Майлз остановился на третьей ступеньке.
– Нет, сэр, – ответил он, не оборачиваясь. – Еще недостаточно. Далеко не достаточно. Пошли, Пим.
И двинулся через две ступеньки к своим апартаментам и забвению.
Глава 10
– Добрый день, Марк! – Жизнерадостный голос графини Форкосиган окончательно разбил последнюю попытку Марка подольше побыть в отключке. Замычав, он стащил с физиономии подушку и приоткрыл мутный глаз. Потом попробовал на покрытом налетом языке варианты ответа.
– Дбрый днь, мма.
Корделия посмотрела на него, кивнула и махнула горничной, которая немедленно поставила на прикроватную тумбочку поднос, с любопытством глядя на Марка. От этого взгляда Марку мгновенно захотелось залезть с головой под одеяло – хотя он спал почти не раздевшись.
– Благодарю, вы больше не нужны, – решительно сказала графиня.
Горничная поспешила удалиться.
Графиня Форкосиган отдернула занавески, впустив в комнату нестерпимо яркий свет, и подтащила стул.
– Чаю? – поинтересовалась она и, не дожидаясь ответа, налила чашку.

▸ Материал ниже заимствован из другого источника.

(* Let $\overrightarrow{U}(t)$ be a closed unit timelike dual curve in the 3-dimensional dual Lorentzian space with dual Frenet frame $\{\overrightarrow{U_1},\overrightarrow{U_2},\overrightarrow{U_3}\}$, dual curvature $\kappa$ and dual torsion $\tau$, let $\Phi=\varphi+\varepsilon\varphi^*$ be a constant dual number, let $(V_1)$ be the parallel ruled surface of $(U_1)$, corresponding to $\overrightarrow{V_1}=\cosh\Phi\,\overrightarrow{U_1}+\sinh\Phi\,\overrightarrow{U_3}$, and let $(V_3)$ be the closed ruled surface corresponding to $\overrightarrow{V_3}=-\sinh\Phi\,\overrightarrow{U_1}-\cosh\Phi\,\overrightarrow{U_3}$. With $P=p+\varepsilon p^*=\kappa\cosh\Phi+\tau\sinh\Phi$ and $Q=q+\varepsilon q^*=-\kappa\sinh\Phi-\tau\cosh\Phi$, the pitch, the dual angle of pitch and the drall of $(V_3)$ are $$L_{V_3}=\oint p^*\,dt,\qquad \Lambda_{V_3}=-\oint P\,dt,\qquad P_{V_3}=\frac{q^*}{q}.$$
   Context: Dual numbers are $\lambda+\varepsilon\lambda^*$ with $\lambda,\lambda^*\in\mathbb{R}$ and $\varepsilon^2=0$; dual vectors are $\overrightarrow{A}=\overrightarrow{a}+\varepsilon\overrightarrow{a}^*$ with $\overrightarrow{a},\overrightarrow{a}^*\in\mathbb{R}^3$. The Lorentzian inner product on $\mathbb{R}^3$ is $\langle a,b\rangle=-a_1b_1+a_2b_2+a_3b_3$, extended to dual vectors by $\langle \overrightarrow{A},\overrightarrow{B}\rangle=\langle\overrightarrow{a},\overrightarrow{b}\rangle+\varepsilon(\langle\overrightarrow{a},\overrightarrow{b}^*\rangle+\langle\overrightarrow{a}^*,\overrightarrow{b}\rangle)$. For a dual number $\Phi=\varphi+\varepsilon\varphi^*$: $\sinh\Phi=\sinh\varphi+\varepsilon\varphi^*\cosh\varphi$, $\cosh\Phi=\cosh\varphi+\varepsilon\varphi^*\sinh\varphi$. The closed unit timelike dual curve $\overrightarrow{U}(t)$ (integrals $\oint$ over one closed period of $t$) has Frenet frame $\overrightarrow{U_1}=\overrightarrow{U}$ (timelike), $\overrightarrow{U_2},\overrightarrow{U_3}$ (spacelike), mutually orthogonal unit dual vectors, satisfying $\overrightarrow{U_1}'=\kappa\overrightarrow{U_2}$, $\overrightarrow{U_2}'=\kappa\overrightarrow{U_1}-\tau\overrightarrow{U_3}$, $\overrightarrow{U_3}'=\tau\overrightarrow{U_2}$. Set $\overrightarrow{V_2}=\overrightarrow{U_2}$; then $\overrightarrow{V_1}'=P\overrightarrow{V_2}$, $\overrightarrow{V_2}'=P\overrightarrow{V_1}-Q\overrightarrow{V_3}$, $\overrightarrow{V_3}'=Q\overrightarrow{V_2}$. Write $\overrightarrow{V_i}=\overrightarrow{v_i}+\varepsilon\overrightarrow{v_i}^*$. The dual Steiner vector is taken (frame vectors written outside the integrals) as $\overrightarrow{D}=\overrightarrow{d}+\varepsilon\overrightarrow{d}^*=\overrightarrow{U_1}\oint\tau\,dt-\overrightarrow{U_3}\oint\kappa\,dt=-\overrightarrow{V_1}\oint Q\,dt+\overrightarrow{V_3}\oint P\,dt$, so $\overrightarrow{d}=-\overrightarrow{v_1}\oint q\,dt+\overrightarrow{v_3}\oint p\,dt$, $\overrightarrow{d}^*=-\overrightarrow{v_1}\oint q^*dt-\overrightarrow{v_1}^*\oint q\,dt+\overrightarrow{v_3}\oint p^*dt+\overrightarrow{v_3}^*\oint p\,dt$. For the closed ruled surface corresponding to a unit dual curve $\overrightarrow{X}=\overrightarrow{x}+\varepsilon\overrightarrow{x}^*$: pitch $L_X=\langle\overrightarrow{d},\overrightarrow{x}^*\rangle+\langle\overrightarrow{d}^*,\overrightarrow{x}\rangle$, dual angle of pitch $\Lambda_X=-\langle\overrightarrow{D},\overrightarrow{X}\rangle$, drall $P_X=\langle d\overrightarrow{x},d\overrightarrow{x}^*\rangle/\langle d\overrightarrow{x},d\overrightarrow{x}\rangle$. *)

From Stdlib Require Import Reals.
From Coquelicot Require Import Coquelicot.
Open Scope R_scope.

Record dnum := mkD { dre : R; ddu : R }.

Definition dadd (x y : dnum) : dnum := mkD (dre x + dre y) (ddu x + ddu y).
Definition dopp (x : dnum) : dnum := mkD (- dre x) (- ddu x).
Definition dmul (x y : dnum) : dnum :=
  mkD (dre x * dre y) (dre x * ddu y + ddu x * dre y).
Definition done : dnum := mkD 1 0.
Definition dzero : dnum := mkD 0 0.

Definition dsinh (x : dnum) : dnum := mkD (sinh (dre x)) (ddu x * cosh (dre x)).
Definition dcosh (x : dnum) : dnum := mkD (cosh (dre x)) (ddu x * sinh (dre x)).

Record vec3 := mkV { c1 : R; c2 : R; c3 : R }.

Definition linner (a b : vec3) : R := - c1 a * c1 b + c2 a * c2 b + c3 a * c3 b.

Record dvec := mkDV { vre : vec3; vdu : vec3 }.

Definition vadd (a b : vec3) : vec3 := mkV (c1 a + c1 b) (c2 a + c2 b) (c3 a + c3 b).
Definition vscal (l : R) (a : vec3) : vec3 := mkV (l * c1 a) (l * c2 a) (l * c3 a).

Definition dvadd (A B : dvec) : dvec := mkDV (vadd (vre A) (vre B)) (vadd (vdu A) (vdu B)).
Definition dscal (l : dnum) (A : dvec) : dvec :=
  mkDV (vscal (dre l) (vre A)) (vadd (vscal (dre l) (vdu A)) (vscal (ddu l) (vre A))).

Definition dinner (A B : dvec) : dnum :=
  mkD (linner (vre A) (vre B)) (linner (vre A) (vdu B) + linner (vdu A) (vre B)).

Definition vec_is_derive (x : R -> vec3) (t : R) (x' : vec3) : Prop :=
  is_derive (fun s => c1 (x s)) t (c1 x') /\
  is_derive (fun s => c2 (x s)) t (c2 x') /\
  is_derive (fun s => c3 (x s)) t (c3 x').

Definition dvec_is_derive (X : R -> dvec) (t : R) (X' : dvec) : Prop :=
  vec_is_derive (fun s => vre (X s)) t (vre X') /\
  vec_is_derive (fun s => vdu (X s)) t (vdu X').

Definition vDerive (x : R -> vec3) (t : R) : vec3 :=
  mkV (Derive (fun s => c1 (x s)) t) (Derive (fun s => c2 (x s)) t)
      (Derive (fun s => c3 (x s)) t).

(* ---------- closed-curve integral over one period [0, T] ---------- *)
Definition oint (T : R) (f : R -> R) : R := RInt f 0 T.
Definition doint (T : R) (F : R -> dnum) : dnum :=
  mkD (oint T (fun t => dre (F t))) (oint T (fun t => ddu (F t))).

Definition V1of (Phi : dnum) (U1 U3 : R -> dvec) (t : R) : dvec :=
  dvadd (dscal (dcosh Phi) (U1 t)) (dscal (dsinh Phi) (U3 t)).
Definition V3of (Phi : dnum) (U1 U3 : R -> dvec) (t : R) : dvec :=
  dvadd (dscal (dopp (dsinh Phi)) (U1 t)) (dscal (dopp (dcosh Phi)) (U3 t)).
Definition Pof (Phi : dnum) (kappa tau : R -> dnum) (t : R) : dnum :=
  dadd (dmul (kappa t) (dcosh Phi)) (dmul (tau t) (dsinh Phi)).
Definition Qof (Phi : dnum) (kappa tau : R -> dnum) (t : R) : dnum :=
  dadd (dopp (dmul (kappa t) (dsinh Phi))) (dopp (dmul (tau t) (dcosh Phi))).

(* dual Steiner vector D = U1 oint tau - U3 oint kappa (frame vectors outside) *)
Definition Steiner (T : R) (U1 U3 : R -> dvec) (kappa tau : R -> dnum) (t : R) : dvec :=
  dvadd (dscal (doint T tau) (U1 t)) (dscal (dopp (doint T kappa)) (U3 t)).

Definition pitch (D X : dvec) : R :=
  linner (vre D) (vdu X) + linner (vdu D) (vre X).
Definition dual_angle_pitch (D X : dvec) : dnum := dopp (dinner D X).
Definition drall (X : R -> dvec) (t : R) : R :=
  linner (vDerive (fun s => vre (X s)) t) (vDerive (fun s => vdu (X s)) t) /
  linner (vDerive (fun s => vre (X s)) t) (vDerive (fun s => vre (X s)) t).

(* The Steiner vector D = U1 oint tau - U3 oint kappa meets V3 = - sinh Phi U1 - cosh Phi U3
   only through <U1,U1> = -1 and <U3,U3> = 1, so <D, V3> = oint (kappa cosh Phi + tau sinh Phi)
   = oint P by linearity of the integral; the pitch is the dual part of <D, V3> and the dual
   angle of pitch is - <D, V3>.  Differentiating V3 with the Frenet equations gives V3' = Q U2, and for a
   curve whose derivative is a dual multiple L W of a unit vector W, <dx, dx*> / <dx, dx> equals
   l l* / l^2 = l* / l because <w, w*> = 0. *)
From Stdlib Require Import Reals Lra.
From Coquelicot Require Import Coquelicot.
Open Scope R_scope.

Lemma dnum_eq (x y : dnum) : dre x = dre y -> ddu x = ddu y -> x = y.
Proof. destruct x, y; simpl; intros -> ->; reflexivity. Qed.

Lemma dinner_comm (A B : dvec) : dinner A B = dinner B A.
Proof.
  destruct A as [[] []], B as [[] []]; apply dnum_eq; unfold dinner, linner; simpl; ring.
Qed.

Lemma dinner_comb2 (a b c d : dnum) (A B C D : dvec) :
  dinner (dvadd (dscal a A) (dscal b B)) (dvadd (dscal c C) (dscal d D)) =
  dadd (dadd (dmul (dmul a c) (dinner A C)) (dmul (dmul a d) (dinner A D)))
       (dadd (dmul (dmul b c) (dinner B C)) (dmul (dmul b d) (dinner B D))).
Proof.
  destruct a, b, c, d, A as [[] []], B as [[] []], C as [[] []], D as [[] []].
  apply dnum_eq; unfold dinner, linner; simpl; ring.
Qed.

– Да, пожалуй. – Марк с трудом приподнялся и поправил подушку ровно настолько, чтобы взять чашку не пролив. Чай оказался крепким, со сливками – в точности как он любил. Тонизирующая жидкость смыла мерзкое ощущение во рту.
Графиня подозрительно покосилась на валявшиеся на столе пустые контейнеры из-под жучьего маслица. И, наверное, пересчитала их, поскольку поморщилась.
– Полагаю, что завтракать ты еще не хочешь.
– Нет, спасибо. –
– Твой брат тоже. Майлз, видимо увлеченный своим вновь приобретенным стремлением соблюдать форские традиции, искал забвение в вине. И нашел, по словам Пима. На данный момент мы без всяких комментариев предоставили ему мучиться великолепным похмельем.
– А! –
– Ну, рано или поздно ему все же придется выбраться из своей комнаты. Хотя Эйрел не рассчитывает его лицезреть до вечера. – Графиня Форкосиган налила чашечку чая и себе, добавив сливок. – Леди Элис была очень разочарована, что Майлз покинул поле боя до ухода всех гостей. Она считает, что с его стороны это позорное отсутствие хороших манер.
– Это была бойня. – Одна из тех, судя по всему, которую им всем придется пережить. К сожалению. Марк сделал еще глоток. – Что произошло после… после ухода Куделок?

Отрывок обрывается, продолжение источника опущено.